* [Exercise prompt] Transcribe exactly the line that contains "move=> [/andP[d10 d1P]" and each line that comes after it in the material, the last line included, and nothing more.

* [Supplied material]
(* Fix a horizon $T\in\mathbb{N}$, demands $D_1,\dots,D_T\in\mathbb{R}$, prices $\lambda_1,\dots,\lambda_T\ge 0$, a degradation cost $c\ge 0$, power limit $\overline{P}>0$, energy limits $0\le \underline{E}\le \overline{E}$, efficiency $\eta\in(0,1]$ and an initial state of charge $e_1\in[\underline{E},\overline{E}]$. Let $S$ denote the set of $(p,d,q,e)$ with $p\in\mathbb{R}$, $d,q\in\mathbb{R}^T$, $e=(e_2,\dots,e_{T+1})\in\mathbb{R}^T$ satisfying, for all $t=1,\dots,T$: $$p\ge D_t-d_t+q_t,\qquad e_{t+1}=e_t-d_t/\eta+\eta q_t,\qquad 0\le d_t,q_t\le \overline{P},\qquad \underline{E}\le e_{t+1}\le \overline{E},$$ and assume $S\neq\emptyset$. Combined problem: for a peak-demand charge $\kappa>0$, $$\min_{(p,d,q,e)\in S}\ \sum_{t=1}^T\big[c\,d_t+\lambda_t(D_t-d_t+q_t)\big]+\kappa p.$$ Stage 1 (peak shaving): for $\delta>0$, $$\min_{(p,d,q,e)\in S}\ p+\delta\sum_{t=1}^T e_{t+1},$$ with an optimal solution $(p^*,d^*,q^*,e^* )$. Stage 2 (arbitrage): given $(p^*,e^* )$, $$\min_{d,q,e}\ \sum_{t=1}^T\big[c\,d_t-\lambda_t(d_t-q_t)\big]$$ subject to $p^*\ge D_t-d_t+q_t$, $e_{t+1}\ge e^*_{t+1}$, $e_{t+1}=e_t-d_t/\eta+\eta q_t$, $0\le d_t,q_t\le\overline{P}$, $\underline{E}\le e_{t+1}\le\overline{E}$ for all $t=1,\dots,T$. Claim: if $\delta>0$ is sufficiently small and $\kappa$ is sufficiently large relative to $c$ and the $\lambda_t$, then solving Stage 1 followed by Stage 2 is equivalent to solving the combined problem; that is, the optimal peak of the combined problem equals $p^*$, and for any optimal solution $(d,q,e)$ of Stage 2, the point $(p^*,d,q,e)$ is an optimal solution of the combined problem, with combined optimal value equal to $\sum_{t=1}^T\lambda_tD_t+\kappa p^*+(\text{optimal value of Stage 2})$.
   Context: This models a behind-the-meter battery in a building: $d_t$ and $q_t$ are the discharge and charge energy in timestep $t$, $e_{t+1}$ is the state of charge after timestep $t$, $p$ is the peak net demand over the horizon, $D_t-d_t+q_t$ is the net demand in timestep $t$, $\kappa$ is the peak demand charge, $\lambda_t$ the real-time energy price and $c$ the per-unit battery degradation cost. The term $\delta\sum_t e_{t+1}$ in Stage 1 is a small tie-breaking term selecting a low state-of-charge trajectory among peak-minimizing solutions. *)

From HB Require Import structures.
From mathcomp Require Import all_boot all_order all_algebra.
From mathcomp Require Import reals.
Set Implicit Arguments. Unset Strict Implicit. Unset Printing Implicit Defensive.
Import Order.TTheory GRing.Theory Num.Theory.
Local Open Scope ring_scope.

Section Battery.
Variable R : realType.
Variable T : nat.
(* Timestep t = 1..T is represented by t : 'I_T (0-based). A trajectory
   e : 'I_T -> R stores e_{t+1} at index t (i.e. e_2, ..., e_{T+1}). *)
Variables (D lam : 'I_T -> R) (c Pbar Emin Emax eta e1 : R).

Definition prev_soc (e : 'I_T -> R) (t : 'I_T) : R :=
  match val t with
  | 0 => e1
  | k.+1 => match @insub nat (fun n => n < T)%N 'I_T k with
            | Some i => e i
            | None => e1
            end
  end.

Definition feasible (p : R) (d q e : 'I_T -> R) : Prop :=
  forall t : 'I_T,
    [/\ D t - d t + q t <= p,
        e t = prev_soc e t - d t / eta + eta * q t,
        0 <= d t <= Pbar,
        0 <= q t <= Pbar &
        Emin <= e t <= Emax].

Definition combined_obj (kappa p : R) (d q : 'I_T -> R) : R :=
  \sum_(t < T) (c * d t + lam t * (D t - d t + q t)) + kappa * p.

Definition combined_opt (kappa p : R) (d q e : 'I_T -> R) : Prop :=
  feasible p d q e /\
  forall p' d' q' e', feasible p' d' q' e' ->
    combined_obj kappa p d q <= combined_obj kappa p' d' q'.

Definition stage1_obj (delta p : R) (e : 'I_T -> R) : R :=
  p + delta * \sum_(t < T) e t.

Definition stage1_opt (delta p : R) (d q e : 'I_T -> R) : Prop :=
  feasible p d q e /\
  forall p' d' q' e', feasible p' d' q' e' ->
    stage1_obj delta p e <= stage1_obj delta p' e'.

Definition stage2_obj (d q : 'I_T -> R) : R :=
  \sum_(t < T) (c * d t - lam t * (d t - q t)).

Definition stage2_feasible (pstar : R) (estar : 'I_T -> R) (d q e : 'I_T -> R)
  : Prop :=
  feasible pstar d q e /\ forall t : 'I_T, estar t <= e t.

Definition stage2_opt (pstar : R) (estar : 'I_T -> R) (d q e : 'I_T -> R)
  : Prop :=
  stage2_feasible pstar estar d q e /\
  forall d' q' e', stage2_feasible pstar estar d' q' e' ->
    stage2_obj d q <= stage2_obj d' q'.

End Battery.

From HB Require Import structures.
From mathcomp Require Import all_boot all_order all_algebra.
From mathcomp Require Import reals ring lra.
Set Implicit Arguments. Unset Strict Implicit. Unset Printing Implicit Defensive.
Import Order.TTheory GRing.Theory Num.Theory.
Local Open Scope ring_scope.

(* The optimal arbitrage cost is Lipschitz in the peak: a schedule with peak p
   can be turned into one with any smaller feasible peak p0 whose arbitrage cost
   grows by at most [cost_lip * (p - p0)] and whose total state of charge grows
   by at most [soc_lip * (p - p0)].  To build it, every step is first shaved to
   peak p0 by discharging more; the resulting trajectory is clamped between a
   trajectory feasible at p0 and itself shifted up, which restores the energy
   limits; finally each step is re-selected close to the shaved one by a
   Hoffman-type bound on the polytope of admissible steps.
   Hence for [delta * soc_lip < 1] Stage 1 attains the least feasible peak, and
   since pointwise minima of feasible trajectories are feasible, its e* is the
   pointwise least trajectory at that peak, so the Stage 2 constraint e >= e*
   excludes nothing.  For [kappa > cost_lip] lowering the peak always pays off
   in the combined problem. *)

Section MinMax.
Variable R : realFieldType.
Implicit Types a f m s x : R.

Definition clamp a f s := Num.max (Num.min a (f + s)) f.

Lemma clamp_ge a f s : f <= clamp a f s.
Proof. by rewrite le_max lexx orbT. Qed.

Lemma clamp_le a f s : 0 <= s -> clamp a f s <= f + s.
Proof. by move=> s0; rewrite ge_max ge_min lexx orbT /= lerDl. Qed.

Lemma clamp_lb m a f s : m <= a -> m <= f + s -> m <= clamp a f s.
Proof. by move=> ma mf; rewrite le_max le_min ma mf. Qed.

Lemma clamp_ub m a f s : a <= m -> f <= m -> clamp a f s <= m.
Proof. by move=> am fm; rewrite ge_max ge_min am. Qed.

Lemma clampxx f s : 0 <= s -> clamp f f s = f.
Proof. by move=> s0; rewrite /clamp (min_l (_ : f <= f + s)) ?maxxx // lerDl. Qed.

Lemma clamp_sub_between a a' f f' s :
  Num.min (a - a') (f - f') <= clamp a f s - clamp a' f' s <= Num.max (a - a') (f - f').
Proof.
rewrite /clamp.
case: (leP (Num.min a (f + s)) f); case: (leP (Num.min a' (f' + s)) f');
case: (leP a (f + s)); case: (leP a' (f' + s));
case: (leP (a - a') (f - f')) => *; apply/andP; split; lra.
Qed.

Lemma clamp_sub_near a a' f f' s : 0 <= s ->
  `|(clamp a f s - clamp a' f' s) - (f - f')| <= s.
Proof.
move=> s0; have := clamp_ge a f s; have := clamp_le a f s0.
have := clamp_ge a' f' s; have := clamp_le a' f' s0.
by move=> *; rewrite ler_norml; apply/andP; split; lra.
Qed.

Lemma subr_min_between a a' b b' :
  Num.min (a - b) (a' - b') <= Num.min a a' - Num.min b b' <= Num.max (a - b) (a' - b').
Proof.
by case: (leP a a'); case: (leP b b'); case: (leP (a - b) (a' - b')) => *;
  apply/andP; split; lra.
Qed.

Lemma between_convex x a b : Num.min a b <= x <= Num.max a b ->
  exists2 th, 0 <= th <= 1 & x = th * a + (1 - th) * b.
Proof.
case: (ltgtP a b) => [ab|ba|<-] /andP[xa xb].
- have ba0 : 0 < b - a by rewrite subr_gt0.
  exists ((b - x) / (b - a)); last by field; rewrite gt_eqF.
  by rewrite divr_ge0 ?ler_pdivrMr //= ?mul1r; lra.
- have ab0 : 0 < a - b by rewrite subr_gt0.
  exists ((x - b) / (a - b)); last by field; rewrite gt_eqF.
  by rewrite divr_ge0 ?ler_pdivrMr //= ?mul1r; lra.
- exists 0; first by rewrite lexx ler01.
  by rewrite mul0r add0r subr0 mul1r; apply/eqP; rewrite eq_le xa xb.
Qed.

End MinMax.

Section Step.
Variables (R : realFieldType) (P al be c : R).

(* A step is a pair u = (discharge, charge); for al = eta^-1 and be = eta,
   [wdiff u] is the resulting drop of the state of charge. *)
Definition admissible (dem p : R) (u : R * R) :=
  [/\ 0 <= u.1 <= P, 0 <= u.2 <= P & dem - u.1 + u.2 <= p].

Definition wdiff (u : R * R) := al * u.1 - be * u.2.

Definition l1dist (u v : R * R) := `|u.1 - v.1| + `|u.2 - v.2|.

Definition cost (l : R) (u : R * R) := c * u.1 - l * (u.1 - u.2).

Lemma l1dist_le u v a b : `|u.1 - v.1| <= a -> `|u.2 - v.2| <= b -> l1dist u v <= a + b.
Proof. exact: lerD. Qed.

Lemma cost_lipschitz l u v : 0 <= c -> 0 <= l ->
  cost l u <= cost l v + (c + l) * l1dist u v.
Proof.
case: u v => d q [d' q']; rewrite /cost /l1dist; cbn [fst snd] => c0 l0.
have cd : c * (d - d') <= c * `|d - d'| := ler_wpM2l c0 (ler_norm _).
have ld : l * (d' - d) <= l * `|d - d'| by rewrite ler_wpM2l // distrC ler_norm.
have lq : l * (q - q') <= l * `|q - q'| := ler_wpM2l l0 (ler_norm _).
have cq : 0 <= c * `|q - q'| := mulr_ge0 c0 (normr_ge0 _).
lra.
Qed.

Lemma admissible_between dem p u1 u2 y : admissible dem p u1 -> admissible dem p u2 ->
  Num.min (wdiff u1) (wdiff u2) <= y <= Num.max (wdiff u1) (wdiff u2) ->
  exists2 u, admissible dem p u & wdiff u = y.
Proof.
move=> adm1 adm2 /between_convex[th /andP[th0 th1] ->].
exists (th * u1.1 + (1 - th) * u2.1, th * u1.2 + (1 - th) * u2.2).
  move: adm1 adm2; rewrite /admissible; cbn [fst snd].
  move=> [/andP[d10 d1P] /andP[q10 q1P] peak1] [/andP[d20 d2P] /andP[q20 q2P] peak2].
  by split; try (apply/andP; split); nra.
by rewrite /wdiff /=; ring.
Qed.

* [Problem solution]
  move=> [/andP[d10 d1P] /andP[q10 q1P] peak1] [/andP[d20 d2P] /andP[q20 q2P] peak2].
  by split; try (apply/andP; split); nra.
by rewrite /wdiff /=; ring.
Qed.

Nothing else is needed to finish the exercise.